■ What you are asked to do: Please quote exactly the lines below from the line containing "(* Let $n$ be" to the line containing "(* Computational basis", both lines included, and nothing else.

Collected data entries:
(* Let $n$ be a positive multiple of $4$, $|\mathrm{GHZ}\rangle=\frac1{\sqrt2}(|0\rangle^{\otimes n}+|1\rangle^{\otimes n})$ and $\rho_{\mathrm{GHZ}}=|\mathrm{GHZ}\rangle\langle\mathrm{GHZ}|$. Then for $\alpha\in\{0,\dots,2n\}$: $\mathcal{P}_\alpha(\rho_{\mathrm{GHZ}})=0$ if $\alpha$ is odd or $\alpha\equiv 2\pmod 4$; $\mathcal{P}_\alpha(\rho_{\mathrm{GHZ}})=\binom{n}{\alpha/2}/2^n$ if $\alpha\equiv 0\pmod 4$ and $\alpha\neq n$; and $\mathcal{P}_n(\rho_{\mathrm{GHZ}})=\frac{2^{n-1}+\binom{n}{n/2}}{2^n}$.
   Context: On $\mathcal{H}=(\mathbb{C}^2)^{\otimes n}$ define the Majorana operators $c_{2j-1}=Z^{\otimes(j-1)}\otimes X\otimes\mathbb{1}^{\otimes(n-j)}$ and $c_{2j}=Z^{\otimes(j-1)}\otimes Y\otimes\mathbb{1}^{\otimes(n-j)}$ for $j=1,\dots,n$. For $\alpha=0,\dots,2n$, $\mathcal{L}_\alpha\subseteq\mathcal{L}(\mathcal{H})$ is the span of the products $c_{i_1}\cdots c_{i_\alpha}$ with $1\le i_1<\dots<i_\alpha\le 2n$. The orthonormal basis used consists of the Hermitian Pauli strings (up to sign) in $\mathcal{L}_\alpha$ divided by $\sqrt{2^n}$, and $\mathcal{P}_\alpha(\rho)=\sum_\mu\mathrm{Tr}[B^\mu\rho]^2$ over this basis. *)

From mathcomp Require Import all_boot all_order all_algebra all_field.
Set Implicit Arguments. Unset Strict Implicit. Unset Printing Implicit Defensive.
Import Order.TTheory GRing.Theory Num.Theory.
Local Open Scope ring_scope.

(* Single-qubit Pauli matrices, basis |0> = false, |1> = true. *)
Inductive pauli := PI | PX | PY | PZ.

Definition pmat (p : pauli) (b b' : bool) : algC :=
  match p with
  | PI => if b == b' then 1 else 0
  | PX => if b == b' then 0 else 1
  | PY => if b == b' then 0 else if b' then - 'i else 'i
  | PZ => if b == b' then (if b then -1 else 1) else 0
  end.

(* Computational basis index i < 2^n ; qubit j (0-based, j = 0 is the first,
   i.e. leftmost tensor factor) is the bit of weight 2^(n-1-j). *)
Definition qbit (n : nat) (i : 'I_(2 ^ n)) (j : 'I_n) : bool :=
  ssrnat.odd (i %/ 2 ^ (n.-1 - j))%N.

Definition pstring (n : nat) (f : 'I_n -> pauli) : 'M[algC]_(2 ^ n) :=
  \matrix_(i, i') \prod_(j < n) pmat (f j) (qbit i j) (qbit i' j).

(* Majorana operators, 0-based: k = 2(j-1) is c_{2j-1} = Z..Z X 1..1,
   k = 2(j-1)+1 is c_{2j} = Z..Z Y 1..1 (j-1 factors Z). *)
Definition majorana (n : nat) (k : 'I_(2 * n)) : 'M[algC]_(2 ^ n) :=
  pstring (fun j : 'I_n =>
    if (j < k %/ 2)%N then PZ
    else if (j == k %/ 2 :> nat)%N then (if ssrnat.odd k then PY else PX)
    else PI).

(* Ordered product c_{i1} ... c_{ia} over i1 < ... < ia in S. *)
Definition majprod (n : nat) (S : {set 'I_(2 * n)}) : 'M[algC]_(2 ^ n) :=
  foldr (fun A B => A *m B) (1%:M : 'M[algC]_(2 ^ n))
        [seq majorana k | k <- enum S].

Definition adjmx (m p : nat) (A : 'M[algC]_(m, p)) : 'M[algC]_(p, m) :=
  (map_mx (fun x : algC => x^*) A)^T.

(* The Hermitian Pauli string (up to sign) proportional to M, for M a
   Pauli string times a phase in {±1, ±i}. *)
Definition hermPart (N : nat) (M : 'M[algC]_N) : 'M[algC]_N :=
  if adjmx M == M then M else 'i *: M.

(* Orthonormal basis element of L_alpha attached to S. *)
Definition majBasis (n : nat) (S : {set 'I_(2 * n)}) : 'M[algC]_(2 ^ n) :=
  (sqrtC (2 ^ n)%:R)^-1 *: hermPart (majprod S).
* * *
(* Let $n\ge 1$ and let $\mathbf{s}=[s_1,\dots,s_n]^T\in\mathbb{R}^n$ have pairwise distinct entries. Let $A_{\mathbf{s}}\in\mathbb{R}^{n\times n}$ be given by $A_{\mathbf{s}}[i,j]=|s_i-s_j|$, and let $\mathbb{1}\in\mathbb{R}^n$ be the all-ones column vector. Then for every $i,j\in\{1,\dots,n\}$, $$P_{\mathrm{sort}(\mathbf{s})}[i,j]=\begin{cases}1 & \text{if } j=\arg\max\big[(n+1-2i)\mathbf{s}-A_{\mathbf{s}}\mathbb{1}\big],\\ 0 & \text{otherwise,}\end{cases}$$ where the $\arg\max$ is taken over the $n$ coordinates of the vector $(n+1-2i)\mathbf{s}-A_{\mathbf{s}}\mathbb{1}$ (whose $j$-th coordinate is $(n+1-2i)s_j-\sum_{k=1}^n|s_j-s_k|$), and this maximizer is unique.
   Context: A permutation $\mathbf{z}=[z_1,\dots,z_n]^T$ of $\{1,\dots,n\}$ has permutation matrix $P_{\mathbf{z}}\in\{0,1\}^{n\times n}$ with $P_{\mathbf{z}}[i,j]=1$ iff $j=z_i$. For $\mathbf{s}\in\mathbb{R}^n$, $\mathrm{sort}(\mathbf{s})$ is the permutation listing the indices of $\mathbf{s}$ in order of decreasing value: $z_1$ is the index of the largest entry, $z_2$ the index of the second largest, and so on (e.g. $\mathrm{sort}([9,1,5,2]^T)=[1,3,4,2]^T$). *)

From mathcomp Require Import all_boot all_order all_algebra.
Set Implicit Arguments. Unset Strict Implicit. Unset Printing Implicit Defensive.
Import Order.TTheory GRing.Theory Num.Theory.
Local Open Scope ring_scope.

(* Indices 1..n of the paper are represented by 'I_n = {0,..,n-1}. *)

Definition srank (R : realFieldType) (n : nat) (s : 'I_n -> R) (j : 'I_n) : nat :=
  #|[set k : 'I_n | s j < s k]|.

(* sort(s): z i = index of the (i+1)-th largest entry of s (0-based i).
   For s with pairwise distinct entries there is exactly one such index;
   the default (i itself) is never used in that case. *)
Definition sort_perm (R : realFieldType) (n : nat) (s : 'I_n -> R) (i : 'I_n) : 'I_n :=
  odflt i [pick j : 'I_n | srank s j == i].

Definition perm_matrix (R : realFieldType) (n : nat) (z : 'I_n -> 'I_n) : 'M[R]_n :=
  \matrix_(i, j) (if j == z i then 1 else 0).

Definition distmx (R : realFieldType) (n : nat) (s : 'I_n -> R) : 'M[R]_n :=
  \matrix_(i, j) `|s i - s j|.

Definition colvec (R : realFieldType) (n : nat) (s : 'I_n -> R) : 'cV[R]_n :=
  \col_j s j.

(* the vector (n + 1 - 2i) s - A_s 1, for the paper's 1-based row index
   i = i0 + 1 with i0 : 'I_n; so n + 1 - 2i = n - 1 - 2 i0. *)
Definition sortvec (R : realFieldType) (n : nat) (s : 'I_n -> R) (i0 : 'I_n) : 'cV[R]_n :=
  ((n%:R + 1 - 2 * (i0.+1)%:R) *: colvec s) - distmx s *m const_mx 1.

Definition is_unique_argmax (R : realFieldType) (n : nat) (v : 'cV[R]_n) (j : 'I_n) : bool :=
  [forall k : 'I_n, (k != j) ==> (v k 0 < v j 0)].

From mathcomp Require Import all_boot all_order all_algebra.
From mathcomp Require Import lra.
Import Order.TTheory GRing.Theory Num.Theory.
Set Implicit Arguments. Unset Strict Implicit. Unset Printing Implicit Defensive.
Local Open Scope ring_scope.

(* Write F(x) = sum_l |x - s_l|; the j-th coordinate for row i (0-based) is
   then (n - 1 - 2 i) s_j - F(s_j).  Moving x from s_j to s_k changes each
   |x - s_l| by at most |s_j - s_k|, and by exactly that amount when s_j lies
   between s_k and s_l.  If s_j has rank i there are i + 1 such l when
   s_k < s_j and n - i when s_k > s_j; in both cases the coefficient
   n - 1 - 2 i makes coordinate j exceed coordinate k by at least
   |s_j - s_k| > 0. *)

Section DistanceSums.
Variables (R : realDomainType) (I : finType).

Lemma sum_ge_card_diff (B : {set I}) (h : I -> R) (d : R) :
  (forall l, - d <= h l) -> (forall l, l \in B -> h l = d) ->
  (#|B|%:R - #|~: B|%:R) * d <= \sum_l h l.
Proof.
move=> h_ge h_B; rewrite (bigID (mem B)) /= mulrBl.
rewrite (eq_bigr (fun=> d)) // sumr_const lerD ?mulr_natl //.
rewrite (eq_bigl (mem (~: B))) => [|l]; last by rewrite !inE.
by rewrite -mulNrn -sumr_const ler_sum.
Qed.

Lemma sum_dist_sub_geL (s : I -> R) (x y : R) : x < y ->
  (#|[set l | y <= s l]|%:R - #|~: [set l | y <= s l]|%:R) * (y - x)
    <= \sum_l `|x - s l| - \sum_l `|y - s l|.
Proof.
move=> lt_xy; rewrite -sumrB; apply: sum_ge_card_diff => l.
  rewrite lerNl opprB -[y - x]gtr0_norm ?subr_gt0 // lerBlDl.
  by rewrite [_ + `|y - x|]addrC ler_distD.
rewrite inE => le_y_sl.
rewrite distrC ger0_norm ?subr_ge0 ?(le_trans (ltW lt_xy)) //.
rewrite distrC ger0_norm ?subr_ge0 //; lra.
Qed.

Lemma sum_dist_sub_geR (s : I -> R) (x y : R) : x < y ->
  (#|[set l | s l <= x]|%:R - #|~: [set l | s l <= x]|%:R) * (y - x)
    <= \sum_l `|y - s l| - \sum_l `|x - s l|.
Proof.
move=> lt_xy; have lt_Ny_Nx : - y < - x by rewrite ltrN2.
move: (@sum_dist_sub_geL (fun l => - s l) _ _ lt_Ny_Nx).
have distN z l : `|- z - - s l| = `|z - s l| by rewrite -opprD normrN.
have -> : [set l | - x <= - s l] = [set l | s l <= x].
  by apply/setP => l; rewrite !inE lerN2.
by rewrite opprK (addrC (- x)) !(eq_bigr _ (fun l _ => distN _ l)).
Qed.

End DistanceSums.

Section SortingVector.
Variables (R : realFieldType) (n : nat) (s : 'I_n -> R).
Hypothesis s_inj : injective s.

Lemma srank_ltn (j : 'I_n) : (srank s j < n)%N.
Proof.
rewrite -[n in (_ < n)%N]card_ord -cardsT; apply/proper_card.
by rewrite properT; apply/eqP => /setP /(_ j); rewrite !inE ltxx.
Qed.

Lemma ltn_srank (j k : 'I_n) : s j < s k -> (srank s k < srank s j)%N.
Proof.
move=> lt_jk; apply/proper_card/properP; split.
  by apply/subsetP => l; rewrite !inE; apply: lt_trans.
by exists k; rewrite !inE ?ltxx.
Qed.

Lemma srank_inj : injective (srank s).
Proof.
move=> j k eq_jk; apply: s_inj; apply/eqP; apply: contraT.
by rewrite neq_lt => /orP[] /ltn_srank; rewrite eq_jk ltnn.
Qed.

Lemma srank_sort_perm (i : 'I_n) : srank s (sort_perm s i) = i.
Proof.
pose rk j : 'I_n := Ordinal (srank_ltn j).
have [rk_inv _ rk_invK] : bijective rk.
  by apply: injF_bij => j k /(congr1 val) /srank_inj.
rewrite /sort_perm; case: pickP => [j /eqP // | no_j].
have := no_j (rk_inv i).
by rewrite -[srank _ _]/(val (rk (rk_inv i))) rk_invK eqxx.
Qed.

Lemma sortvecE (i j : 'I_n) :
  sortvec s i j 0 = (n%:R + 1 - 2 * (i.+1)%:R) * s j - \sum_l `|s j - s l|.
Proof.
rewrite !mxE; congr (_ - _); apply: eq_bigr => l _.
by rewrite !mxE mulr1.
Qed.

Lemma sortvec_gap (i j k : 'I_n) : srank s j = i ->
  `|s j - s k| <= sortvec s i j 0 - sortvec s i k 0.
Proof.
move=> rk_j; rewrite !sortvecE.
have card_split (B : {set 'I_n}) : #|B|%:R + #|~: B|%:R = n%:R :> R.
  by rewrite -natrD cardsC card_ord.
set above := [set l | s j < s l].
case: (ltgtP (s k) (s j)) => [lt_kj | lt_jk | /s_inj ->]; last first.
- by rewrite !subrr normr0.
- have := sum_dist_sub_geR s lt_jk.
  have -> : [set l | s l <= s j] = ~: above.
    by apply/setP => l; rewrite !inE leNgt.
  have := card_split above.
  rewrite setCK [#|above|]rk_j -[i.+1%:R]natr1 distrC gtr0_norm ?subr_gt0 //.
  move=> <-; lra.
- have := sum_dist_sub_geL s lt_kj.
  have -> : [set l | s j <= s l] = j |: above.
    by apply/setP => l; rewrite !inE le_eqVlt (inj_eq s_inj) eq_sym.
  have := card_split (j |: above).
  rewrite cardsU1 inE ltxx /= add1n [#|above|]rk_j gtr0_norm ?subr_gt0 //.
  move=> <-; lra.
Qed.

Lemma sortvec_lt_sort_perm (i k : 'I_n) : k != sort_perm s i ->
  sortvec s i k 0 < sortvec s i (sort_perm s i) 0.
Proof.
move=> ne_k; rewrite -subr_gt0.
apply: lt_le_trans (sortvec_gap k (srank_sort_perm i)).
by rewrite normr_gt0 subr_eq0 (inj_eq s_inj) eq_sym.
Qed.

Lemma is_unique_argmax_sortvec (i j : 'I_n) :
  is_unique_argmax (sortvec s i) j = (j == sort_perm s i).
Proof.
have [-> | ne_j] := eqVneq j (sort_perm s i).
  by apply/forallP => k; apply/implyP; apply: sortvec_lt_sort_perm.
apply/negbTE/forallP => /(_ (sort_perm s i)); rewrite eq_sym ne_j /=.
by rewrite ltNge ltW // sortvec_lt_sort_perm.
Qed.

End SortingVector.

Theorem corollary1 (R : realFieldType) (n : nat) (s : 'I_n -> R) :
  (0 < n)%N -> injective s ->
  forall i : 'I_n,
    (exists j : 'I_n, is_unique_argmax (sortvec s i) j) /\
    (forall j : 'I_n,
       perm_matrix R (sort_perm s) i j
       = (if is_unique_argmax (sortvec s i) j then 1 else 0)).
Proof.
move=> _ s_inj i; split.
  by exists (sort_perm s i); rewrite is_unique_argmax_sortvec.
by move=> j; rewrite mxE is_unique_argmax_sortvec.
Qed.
* * *
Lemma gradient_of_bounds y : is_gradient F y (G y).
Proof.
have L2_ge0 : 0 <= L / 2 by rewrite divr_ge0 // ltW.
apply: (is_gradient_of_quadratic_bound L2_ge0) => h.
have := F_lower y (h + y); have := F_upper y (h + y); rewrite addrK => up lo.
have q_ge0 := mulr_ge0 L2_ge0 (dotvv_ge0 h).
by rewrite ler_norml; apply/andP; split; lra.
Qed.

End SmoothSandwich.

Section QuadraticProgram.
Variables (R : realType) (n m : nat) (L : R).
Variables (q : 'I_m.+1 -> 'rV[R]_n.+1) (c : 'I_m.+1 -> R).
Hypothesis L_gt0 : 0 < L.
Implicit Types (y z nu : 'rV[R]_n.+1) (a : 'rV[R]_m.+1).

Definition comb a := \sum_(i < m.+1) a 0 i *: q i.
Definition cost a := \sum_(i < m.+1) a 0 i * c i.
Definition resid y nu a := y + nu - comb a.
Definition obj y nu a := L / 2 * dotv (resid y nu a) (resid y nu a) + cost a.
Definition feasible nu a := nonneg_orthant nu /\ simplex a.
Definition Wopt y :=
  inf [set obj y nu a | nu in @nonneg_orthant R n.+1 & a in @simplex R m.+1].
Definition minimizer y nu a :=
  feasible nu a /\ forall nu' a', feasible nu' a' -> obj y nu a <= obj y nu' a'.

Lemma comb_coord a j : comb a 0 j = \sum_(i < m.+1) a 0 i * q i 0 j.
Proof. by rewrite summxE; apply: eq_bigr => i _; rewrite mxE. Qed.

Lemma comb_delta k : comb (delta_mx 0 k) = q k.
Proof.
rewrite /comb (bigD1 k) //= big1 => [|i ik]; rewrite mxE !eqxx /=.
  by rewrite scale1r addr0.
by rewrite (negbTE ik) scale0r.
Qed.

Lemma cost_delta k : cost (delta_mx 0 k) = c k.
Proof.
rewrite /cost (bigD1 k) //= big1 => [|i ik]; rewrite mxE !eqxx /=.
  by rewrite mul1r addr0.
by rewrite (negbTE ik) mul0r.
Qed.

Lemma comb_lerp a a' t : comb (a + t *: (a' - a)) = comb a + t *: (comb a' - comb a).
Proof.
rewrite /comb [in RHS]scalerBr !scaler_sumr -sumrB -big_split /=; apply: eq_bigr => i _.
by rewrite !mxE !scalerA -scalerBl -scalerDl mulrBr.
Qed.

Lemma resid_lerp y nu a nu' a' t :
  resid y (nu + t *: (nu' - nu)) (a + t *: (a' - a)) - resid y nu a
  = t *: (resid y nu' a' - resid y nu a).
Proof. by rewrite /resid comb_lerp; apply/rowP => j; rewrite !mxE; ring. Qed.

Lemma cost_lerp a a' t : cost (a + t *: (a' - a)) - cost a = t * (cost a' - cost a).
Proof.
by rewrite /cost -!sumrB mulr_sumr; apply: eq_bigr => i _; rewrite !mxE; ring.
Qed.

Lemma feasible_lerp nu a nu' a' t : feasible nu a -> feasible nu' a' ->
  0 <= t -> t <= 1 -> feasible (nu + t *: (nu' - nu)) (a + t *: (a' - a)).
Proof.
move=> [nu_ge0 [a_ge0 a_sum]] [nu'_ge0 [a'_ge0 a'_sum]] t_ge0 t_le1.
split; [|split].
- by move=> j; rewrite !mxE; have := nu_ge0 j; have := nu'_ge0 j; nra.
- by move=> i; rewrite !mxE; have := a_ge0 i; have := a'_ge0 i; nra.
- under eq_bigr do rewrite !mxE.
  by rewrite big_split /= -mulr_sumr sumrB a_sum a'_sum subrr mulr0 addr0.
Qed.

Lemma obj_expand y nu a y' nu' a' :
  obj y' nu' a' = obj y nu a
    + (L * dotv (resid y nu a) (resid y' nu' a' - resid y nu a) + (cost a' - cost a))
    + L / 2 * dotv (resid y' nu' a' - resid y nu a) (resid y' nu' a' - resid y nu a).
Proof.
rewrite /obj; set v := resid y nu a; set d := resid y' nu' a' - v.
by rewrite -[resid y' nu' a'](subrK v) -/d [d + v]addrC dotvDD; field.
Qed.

■ Response area:
(* Let $n$ be a positive multiple of $4$, $|\mathrm{GHZ}\rangle=\frac1{\sqrt2}(|0\rangle^{\otimes n}+|1\rangle^{\otimes n})$ and $\rho_{\mathrm{GHZ}}=|\mathrm{GHZ}\rangle\langle\mathrm{GHZ}|$. Then for $\alpha\in\{0,\dots,2n\}$: $\mathcal{P}_\alpha(\rho_{\mathrm{GHZ}})=0$ if $\alpha$ is odd or $\alpha\equiv 2\pmod 4$; $\mathcal{P}_\alpha(\rho_{\mathrm{GHZ}})=\binom{n}{\alpha/2}/2^n$ if $\alpha\equiv 0\pmod 4$ and $\alpha\neq n$; and $\mathcal{P}_n(\rho_{\mathrm{GHZ}})=\frac{2^{n-1}+\binom{n}{n/2}}{2^n}$.
   Context: On $\mathcal{H}=(\mathbb{C}^2)^{\otimes n}$ define the Majorana operators $c_{2j-1}=Z^{\otimes(j-1)}\otimes X\otimes\mathbb{1}^{\otimes(n-j)}$ and $c_{2j}=Z^{\otimes(j-1)}\otimes Y\otimes\mathbb{1}^{\otimes(n-j)}$ for $j=1,\dots,n$. For $\alpha=0,\dots,2n$, $\mathcal{L}_\alpha\subseteq\mathcal{L}(\mathcal{H})$ is the span of the products $c_{i_1}\cdots c_{i_\alpha}$ with $1\le i_1<\dots<i_\alpha\le 2n$. The orthonormal basis used consists of the Hermitian Pauli strings (up to sign) in $\mathcal{L}_\alpha$ divided by $\sqrt{2^n}$, and $\mathcal{P}_\alpha(\rho)=\sum_\mu\mathrm{Tr}[B^\mu\rho]^2$ over this basis. *)

From mathcomp Require Import all_boot all_order all_algebra all_field.
Set Implicit Arguments. Unset Strict Implicit. Unset Printing Implicit Defensive.
Import Order.TTheory GRing.Theory Num.Theory.
Local Open Scope ring_scope.

(* Single-qubit Pauli matrices, basis |0> = false, |1> = true. *)
Inductive pauli := PI | PX | PY | PZ.

Definition pmat (p : pauli) (b b' : bool) : algC :=
  match p with
  | PI => if b == b' then 1 else 0
  | PX => if b == b' then 0 else 1
  | PY => if b == b' then 0 else if b' then - 'i else 'i
  | PZ => if b == b' then (if b then -1 else 1) else 0
  end.

(* Computational basis index i < 2^n ; qubit j (0-based, j = 0 is the first,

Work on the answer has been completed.